Fixing the index, solutions

time to read 4 min | 650 words

In my previous post, I showed a pretty trivial index and asked how to efficiently update it. Efficient being time & memory wise.

The easiest approach to do that is by using a reverse lookup option. Of course, that means that we actually need to store about twice as much data as before.
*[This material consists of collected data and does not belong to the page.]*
Lemma label_lt x : label x < 3 * k - 1.
Proof.
have [xS | xM] := boolP (x \in nbhd).
  by rewrite label_nbhd //; have := level_le x; lia.
rewrite -conbhdE in xM.
case: (label_conbhd xM) => [[_ ->] | [_ ->] | [Cx ->]]; first by have := reach_le x; lia.
  by lia.
by have := height_lt Cx; lia.
Qed.

Lemma level_onto m : m <= #|chain| -> exists2 s, s \in nbhd & level s = m.
Proof.
case: m => [_ | m m_lt]; first exact: level_core.
have [X XC hX] := bounded_inj_onto height_inj height_lt m_lt.
have [s sS /andP[_ /eqP level_s]] := level_succ XC.
by exists s; rewrite // level_s hX.
Qed.

Lemma label_onto u : u < 3 * k - 1 -> exists x, label x = u.
Proof.
move=> u_lt; have [-> | u_gt0] := posnP u.
  by exists v; rewrite /label e_irr trace_v properxx /core nbhd_meets_trace.
have [u_le | u_gt] := leqP u #|chain|.
  have [X XC hX] : exists2 X, X \in chain & height X = u.-1.
    by apply: bounded_inj_onto height_inj height_lt _ _; lia.
  have [s sS /andP[sX /eqP level_s]] := level_succ XC.
  have [x [Bx _ eqX]] := chainP XC; subst X.
  have xM : x \in conbhd by case/andP: Bx.
  have [w wM /andP[sw dis_wx]] := trace_escape xM sS sX.
  have dis_w : [disjoint trace w & core] := disjointWr (core_sub_trace Bx) dis_wx.
  exists w; rewrite label_avoid //.
  have : reach w <= level s by rewrite -mem_trace_level.
  have : height (trace x) < reach w by rewrite -disjoint_chain_trace // disjoint_sym.
  by rewrite level_s hX; lia.
have [u_lt2 | u_ge2] := leqP u (2 * #|chain|).+1.
  have [s sS level_s] : exists2 s, s \in nbhd & level s = u - k.
    by apply: level_onto; lia.
  by exists s; rewrite label_nbhd // level_s; lia.
have [X XC hX] : exists2 X, X \in chain & height X = u - 2 * k.
  by apply: bounded_inj_onto height_inj height_lt _ _; lia.
have [x [Bx proper_x eqX]] := chainP XC; subst X.
by exists x; rewrite label_chain // hX; lia.
Qed.

Lemma blowup_andrasfai_label : is_blowup_of e (@andrasfai_adj k).
Proof.
exists (fun x => Ordinal (label_lt x)); split.
  by move=> u; have [x label_x] := label_onto (ltn_ord u); exists x; apply: val_inj.
by move=> x y; rewrite andrasfai_adjE adj_label.
Qed.

End Core.

Lemma blowup_andrasfai_vertex : exists k, 0 < k /\ is_blowup_of e (@andrasfai_adj k).
Proof.
have vM : v \in conbhd by rewrite inE e_irr.
pose x0 := [arg min_(x < v in conbhd) #|trace x|].
have [x0M x0_min] : x0 \in conbhd /\ forall x, x \in conbhd -> #|trace x0| <= #|trace x|.
  by rewrite /x0; case: arg_minnP.
by exists #|chain x0|.+1; split; last exact: blowup_andrasfai_label x0M x0_min.
Qed.

End Vertex.

Lemma andrasfai_blowup_of_C6_free :
  1 < #|T| -> exists k, 0 < k /\ is_blowup_of e (@andrasfai_adj k).
Proof.
move=> T_gt1; have [v _] : exists v, v \in T by apply/card_gt0P; apply: ltnW.
apply: (@blowup_andrasfai_vertex v).
have [y] : exists y, y \in [set~ v] by apply/card_gt0P; rewrite cardsC1; lia.
rewrite in_setC1 eq_sym => neq_vy; have [vy | not_vy] := boolP (e v y); first by exists y.
by have [z /andP[vz _]] := e_max neq_vy not_vy; exists z.
Qed.

End C6Free.
End TriangleFree.

Theorem proposition3p5 (T : finType) (e : rel T) :
  simple_graph e -> maximal_triangle_free e -> 2 <= #|T| ->
  (~ has_induced_C6 e <->
   exists k : nat, 1 <= k /\ is_blowup_of e (@andrasfai_adj k)).
Proof.
move=> [e_sym e_irr] [e_tf e_max] T_ge2; split => [C6_free | [k [_ blowup]]].
  exact: andrasfai_blowup_of_C6_free.
by move/(blowup_induced_C6 blowup); apply: andrasfai_C6_free.
Qed.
Given the following documents:

  • users/21 – Oren Eini
  • users/42 – Hibernating Rhinos
  • users/13 – Arava Eini

Previously, we had:

Term Documents
Oren users/21,
Eini users/21, users/13
Hibernating users/42,
Rhinos users/42,
Arava users/13

And with the reverse lookup, we have:

Term Documents Document Terms
Oren users/21,   users/21 Oren, Eini
Eini users/21, users/13   users/42 Hibernating, Rhinos
Hibernating users/42   users/13 Arava, Eini
Rhinos users/42      
Arava users/13      

And each update to the index would first do a lookup for the document id, then remove the document id from all the matching terms.

The downside of that is that we take about twice as much room. The upside is that all the work is done during indexing time, and space is pretty cheap.

It isn’t that cheap, though. So we want to try something better.

Another alternative is to introduce a level of indirection, like so:

Term Documents   Num Id
Oren 1,   1 users/21
Eini 1,3   2 users/42
Hibernating 2   3 users/13
Rhinos 2      
Arava 3      

Now, let us say that we want to update users/13 to be Phoebe Eini, we will end up with:

Term Documents   Num Id
Oren 1,   1 users/21
Eini 1,3,4   2 users/42
Hibernating 2   4 users/13
Rhinos 2      
Arava 3      
Phoebe 4      

We removed the 3rd document, and didn’t touch the terms except to add to them.

That gives us a very fast way to add to the system, and if someone will search for Arava, we will see that  the number no longer exists, so we’ll return no results for the query.

Of course, this means that we have to deal with garbage in the index, and have some way to clean it up periodically. It also means that we don’t have a way to really support Update, instead we have just Add and Delete operations.